I'm reminded of the Mat Honan incident. A new credit card was added to his account and then social engineers immediately called back using that same credit card for verification.

Amazon needs to improve its fraud detection systems (if they have them). They could take some hints from the credit card industry.
Tuesday, February 26, 2013 6:02:07 PM UTC
I think many of the comments posted here are interesting. Many say it's not Amazon's responsibility to know that the new shipping location is a remailing center. Why not? They are the ultimate victims of the fraud here. Had Scott shipped to this address or any other remailing center before? That needs to be in their fraud algorithms.

I also think it ridiculous that people don't think Scott shouldn't have received the chat logs. The person was pretending to be him after all.

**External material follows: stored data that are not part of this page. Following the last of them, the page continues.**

Definition unif_monotone_with d (Om : measurableType d) (R : realType)
  (nu : {measure set Om -> \bar R}) (Y : set (Om -> R)) (N : (Om -> R) -> R)
  (delta : R -> R) : Prop :=
  forall eps : R, 0 < eps -> forall x y, Y x -> Y y -> N x = 1 ->
    ae_le nu (fun _ => 0) x -> ae_le nu (fun _ => 0) y ->
    N (fun t => x t + y t) <= 1 + delta eps -> N y <= eps.

(* S is a bounded linear operator L_infty(mu) -> Y (acting on representatives,
   compatible with a.e. equality) *)
Definition bounded_op d (T : measurableType d) d' (Om : measurableType d')
  (R : realType) (mu : {measure set T -> \bar R}) (nu : {measure set Om -> \bar R})
  (Y : set (Om -> R)) (N : (Om -> R) -> R) (S : (T -> R) -> (Om -> R)) : Prop :=
  [/\ (forall f, Linf mu f -> Y (S f)),
      (forall f g, Linf mu f -> Linf mu g -> ae_eq mu f g -> ae_eq nu (S f) (S g)),
      (forall (a : R) f g, Linf mu f -> Linf mu g ->
         ae_eq nu (S (fun t => a * f t + g t)) (fun w => a * S f w + S g w)) &
      (exists C : R, forall f, Linf mu f -> N (S f) <= C * linf_norm mu f)].

Definition positive_op d (T : measurableType d) d' (Om : measurableType d')
  (R : realType) (mu : {measure set T -> \bar R}) (nu : {measure set Om -> \bar R})
  (S : (T -> R) -> (Om -> R)) : Prop :=
  forall f, Linf mu f -> ae_le mu (fun _ => 0) f -> ae_le nu (fun _ => 0) (S f).

Definition op_norm d (T : measurableType d) d' (Om : measurableType d')
  (R : realType) (mu : {measure set T -> \bar R})
  (N : (Om -> R) -> R) (S : (T -> R) -> (Om -> R)) : R :=
  sup [set N (S f) | f in [set f | Linf mu f /\ linf_norm mu f <= 1]].

Definition BPBp_pos_with d (T : measurableType d) d' (Om : measurableType d')
  (R : realType) (mu : {measure set T -> \bar R}) (nu : {measure set Om -> \bar R})
  (Y : set (Om -> R)) (N : (Om -> R) -> R) (eta : R -> R) : Prop :=
  forall eps : R, 0 < eps < 1 ->
  forall (S : (T -> R) -> (Om -> R)) (x0 : T -> R),
    bounded_op mu nu Y N S -> positive_op mu nu S -> op_norm mu N S = 1 ->
    Linf mu x0 -> linf_norm mu x0 = 1 ->
    N (S x0) > 1 - eta eps ->
    exists (u0 : T -> R) (Top : (T -> R) -> (Om -> R)),
      [/\ Linf mu u0, linf_norm mu u0 = 1,
          bounded_op mu nu Y N Top, positive_op mu nu Top & op_norm mu N Top = 1] /\
      [/\ N (Top u0) = 1,
          linf_norm mu (fun t => u0 t - x0 t) < eps &
          op_norm mu N (fun f w => Top f w - S f w) < eps].

From Pilot Require Import Defs.
From HB Require Import structures.
From mathcomp Require Import all_boot all_order all_algebra.
From mathcomp Require Import all_classical all_reals all_analysis.
From mathcomp Require Import ess_sup_inf measurable_realfun.
From mathcomp Require Import lra ring.
Set Implicit Arguments. Unset Strict Implicit. Unset Printing Implicit Defensive.
Import Order.TTheory GRing.Theory Num.Theory.
Import numFieldNormedType.Exports.
Local Open Scope classical_set_scope.
Local Open Scope ring_scope.

(* Since [S] is positive, its norm is [N (S 1)].  Split [T] into the sets
   where [x0 > 1 - eps/2], where [x0 < eps/2 - 1], and the rest, and split [Om]
   according to the sign of [S x0].  Where [S x0 >= 0] keep only the part of [S]
   living on the first set, where [S x0 < 0] only the part living on the second.
   The discarded part [D] satisfies [|S x0| + eps/2 * D <= S 1], so uniform
   monotonicity forces [N D <= eps/4] as soon as [N (S x0) > 1 - eta].
   Renormalising what is kept gives a positive operator of norm one, within
   [eps/2] of [S], which attains its norm at
   [u0 = 1_{x0 > 1 - eps/2} - 1_{x0 < eps/2 - 1} + x0 1_{|x0| <= 1 - eps/2}],
   and [u0] is [eps/2]-close to [x0]. *)

Section EssentiallyBounded.
Context (R : realType) d (T : measurableType d) (mu : {measure set T -> \bar R}).
Implicit Types (f g h : T -> R) (c : R).

Lemma Linf_measurable f : Linf mu f -> measurable_fun setT f.
Proof. by case. Qed.

Lemma linf_norm_ae f : Linf mu f -> \forall t \ae mu, `|f t| <= linf_norm mu f.
Proof.
move=> [_ fin]; have := ess_sup_ge mu (fun t => (`|f t|)%:E).
rewrite /linf_norm; move: fin.
case: (ess_sup mu (fun t => (`|f t|)%:E)) => [r| |] //= _ H.
by apply: filterS H => t; rewrite leeNy_eq.
Qed.

(* [fine] sends the essential supremum [-oo] of a null measure to [0]. *)
Lemma linf_norm_ge0 f : 0 <= linf_norm mu f.
Proof.
rewrite /linf_norm; have := ess_sup_ge mu (fun t => (`|f t|)%:E).
case E: (ess_sup mu (fun t => (`|f t|)%:E)) => [r| |] //= H.
rewrite leNgt; apply/negP => r_lt0.
have : (ess_sup mu (fun t => (`|f t|)%:E) <= -oo)%E.
  apply/ess_supP; apply: filterS H => t.
  by rewrite lee_fin => /(le_trans (normr_ge0 _)); rewrite leNgt r_lt0.
by rewrite E.
Qed.

Lemma linf_norm_le f c : 0 <= c -> (\forall t \ae mu, `|f t| <= c) ->
  linf_norm mu f <= c.
Proof.
move=> c_ge0 H; have : (ess_sup mu (fun t => (`|f t|)%:E) <= c%:E)%E.
  by apply/ess_supP; apply: filterS H => t; rewrite lee_fin.
by rewrite /linf_norm; case: (ess_sup mu _).
Qed.

Lemma Linf_bounded f c : measurable_fun setT f ->
  (\forall t \ae mu, `|f t| <= c) -> Linf mu f.
Proof.
move=> mf H; split => //.
have : (ess_sup mu (fun t => (`|f t|)%:E) <= c%:E)%E.
  by apply/ess_supP; apply: filterS H => t; rewrite lee_fin.
by move=> /le_lt_trans; apply; rewrite ltey.
Qed.

Lemma Linf_cst c : Linf mu (fun _ => c).
Proof. by apply: (@Linf_bounded _ `|c|) => //; apply: aeW. Qed.

Lemma LinfZ a f : Linf mu f -> Linf mu (fun t => a * f t).
Proof.
move=> Lf; apply: (@Linf_bounded _ (`|a| * linf_norm mu f)).
  exact: measurable_funM (measurable_cst a) (Linf_measurable Lf).
by apply: filterS (linf_norm_ae Lf) => t ft; rewrite normrM ler_wpM2l.
Qed.

Lemma Linf_comb a f g : Linf mu f -> Linf mu g -> Linf mu (fun t => a * f t + g t).
Proof.
move=> Lf Lg; apply: (@Linf_bounded _ (`|a| * linf_norm mu f + linf_norm mu g)).
  apply: measurable_funD (Linf_measurable Lg).
  exact: measurable_funM (measurable_cst a) (Linf_measurable Lf).
apply: filterS (filterI (linf_norm_ae Lf) (linf_norm_ae Lg)) => t [ft gt].
by rewrite (le_trans (ler_normD _ _)) // normrM lerD // ler_wpM2l.
Qed.

Lemma LinfD f g : Linf mu f -> Linf mu g -> Linf mu (fun t => f t + g t).
Proof.
move=> Lf Lg; have := Linf_comb 1 Lf Lg.
by congr Linf; apply/funext => t; rewrite mul1r.
Qed.

Lemma Linf_mul_bounded f h : Linf mu f -> measurable_fun setT h ->
  (forall t, `|h t| <= 1) -> Linf mu (fun t => f t * h t).
Proof.
move=> Lf mh h_le1; apply: (@Linf_bounded _ (linf_norm mu f)).
  exact: measurable_funM (Linf_measurable Lf) mh.
apply: filterS (linf_norm_ae Lf) => t ft.
by rewrite normrM -[X in _ <= X]mulr1 ler_pM.
Qed.

Lemma linf_norm_dominated_eq1 f g : Linf mu f -> linf_norm mu f = 1 ->
  (\forall t \ae mu, `|f t| <= `|g t| <= 1) -> linf_norm mu g = 1.
Proof.
move=> [_ fin] nf1 H.
have ess_f : ess_sup mu (fun t => (`|f t|)%:E) = 1%:E.
  move: fin nf1; rewrite /linf_norm.
  by case: ess_sup => [r _ /= -> | | _ /= /esym/eqP] //; rewrite oner_eq0.
have le1 : (ess_sup mu (fun t => (`|g t|)%:E) <= 1%:E)%E.
  by apply/ess_supP; apply: filterS H => t /andP[_]; rewrite lee_fin.
have ge1 : (1%:E <= ess_sup mu (fun t => (`|g t|)%:E))%E.
  by rewrite -ess_f; apply: le_ess_sup; apply: filterS H => t /andP[+ _].
by rewrite /linf_norm (@le_anti _ _ (ess_sup _ _) 1%:E) ?le1.
Qed.

End EssentiallyBounded.

Section BanachFunctionSpace.
Context (R : realType) d (Om : measurableType d) (nu : {measure set Om -> \bar R})
  (Y : set (Om -> R)) (N : (Om -> R) -> R).
Hypothesis hY : banach_function_space nu Y N.
Implicit Types (x y h : Om -> R).

Lemma Y_measurable y : Y y -> measurable_fun setT y.
Proof. by case: hY => + _; apply. Qed.

Lemma Y0 : Y (fun _ => 0).
Proof. by case: hY => _ [[]]. Qed.

Lemma YD x y : Y x -> Y y -> Y (fun t => x t + y t).
Proof. by case: hY => _ [[]] _ + _ _ _; apply. Qed.

Lemma YZ (c : R) y : Y y -> Y (fun t => c * y t).
Proof. by case: hY => _ [[]] _ _ + _ _; apply. Qed.

Lemma Y_ideal x y : measurable_fun setT x -> Y y ->
  (\forall t \ae nu, `|x t| <= `|y t|) -> Y x.
Proof. by case: hY => _ [[]] _ _ _ + _; apply. Qed.

Lemma Y_abs y : Y y -> Y (fun t => `|y t|).
Proof.
move=> Yy; apply: (Y_ideal _ Yy); last by apply: aeW => t; rewrite normr_id.
exact: measurableT_comp (Y_measurable Yy).
Qed.

Lemma Y_mul_bounded h y : measurable_fun setT h -> (forall t, `|h t| <= 1) ->
  Y y -> Y (fun t => h t * y t).
Proof.
move=> mh h_le1 Yy; apply: (Y_ideal _ Yy).
  exact: measurable_funM mh (Y_measurable Yy).
by apply: aeW => t; rewrite normrM -[X in _ <= X]mul1r ler_pM.
Qed.

Lemma N_triangle x y : Y x -> Y y -> N (fun t => x t + y t) <= N x + N y.
Proof. by case: hY => _ [_ []] _ + _ _ _; apply. Qed.

Lemma NZ (c : R) y : Y y -> N (fun t => c * y t) = `|c| * N y.
Proof. by case: hY => _ [_ []] _ _ + _ _; apply. Qed.

Lemma N_le_ae x y : Y x -> Y y ->
  (\forall t \ae nu, `|x t| <= `|y t|) -> N x <= N y.
Proof. by case: hY => _ [_ []] _ _ _ + _; apply. Qed.

Lemma N_le_dominated x y : measurable_fun setT x -> Y y ->
  (\forall t \ae nu, `|x t| <= `|y t|) -> N x <= N y.
Proof. by move=> mx Yy xy; apply: N_le_ae (Y_ideal mx Yy xy) Yy xy. Qed.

Even though this was Scott's account he was doing Amazon a favor doing an investigation that Amazon itself should have been doing. Scott's account wasn't going to be charged. But Amazon would be losing money.

I know for a fact that Amazon has fraud investigators. Now I'm wondering what they do.
Monday, March 04, 2013 4:24:09 AM UTC
Its a good thing you called Amazon and told them whats up. This way it won't hurt your return rep. I say that because Amazon has a limit on their returns, if you request too many, they bann your account.
jhkgkjh
Wednesday, March 06, 2013 11:05:08 PM UTC
There is no substitute for due dilligence. Good work, Scott.
Michael
Thursday, March 07, 2013 9:55:24 PM UTC
I had similar experience on Feb 26th 2013. Somebody ordered bunch of MP3s through my account. I did not notice till I received an email from Amazon about account-alert. I tried to change my password but did not successfully log back in.

After calling Amazon, I understood that somebody from Indonesia digitally ordered bunch of MP3s through cloudplayer and Amazon put a hold on my account.

With Amazon Payments team help, I was not only able to get back my account but also got those transactions reverted.

After reading Scott's blog, it looks like there is some serious hacking going on in Indonesia..
Vijay Laxmi
Thursday, March 14, 2013 11:56:57 PM UTC
Has Amazon responded to this blog post? I'm kind of curious.
John Dunagan
Thursday, September 19, 2013 9:32:21 PM UTC
Speaking of Amazon's customer service and IP addresses: I had an issue where my 4 year old daughter bought a couple ebooks on my Kindle (she was just tapping the screen -- no clue what she was doing). I contacted Amazon to inquire if they could verify the IP address from where the order was placed and I was told "we don't have the ability to do that." I assumed they meant at their level of customer service they couldn't do it so I asked to be transferred to someone who can look it up. Finally a "manager" told me that nobody at Amazon can look up the IP address associated with an order! What utter BS!
CMike
Thursday, September 26, 2013 7:13:07 AM UTC
@Cmike I have seen few of sites which are operation with that services. Al though a site like amazon have a good identity protection system but i am also amazed to see that why ip with the order is not associated amazon has to provide ip adress with the order details.
like http://enhanced-identity-theft-protection.com/irs-identity-theft-form-can-provide-you-better-protection/ give an ip adress when a user came to site and enter his login.
jennieingrasm
Sunday, November 24, 2013 6:42:13 PM UTC
I found out later from a federal website (can't find the source) that companies are required to turn over to you any applications or forms filled out by somebody impersonating you. Doesn't matter too much because you got the chat logs but just so others know, companies are required by law to turn that stuff over to you.
Comments are closed.

Disclaimer: The opinions expressed herein are my own personal opinions and do not represent my employer's view in any way.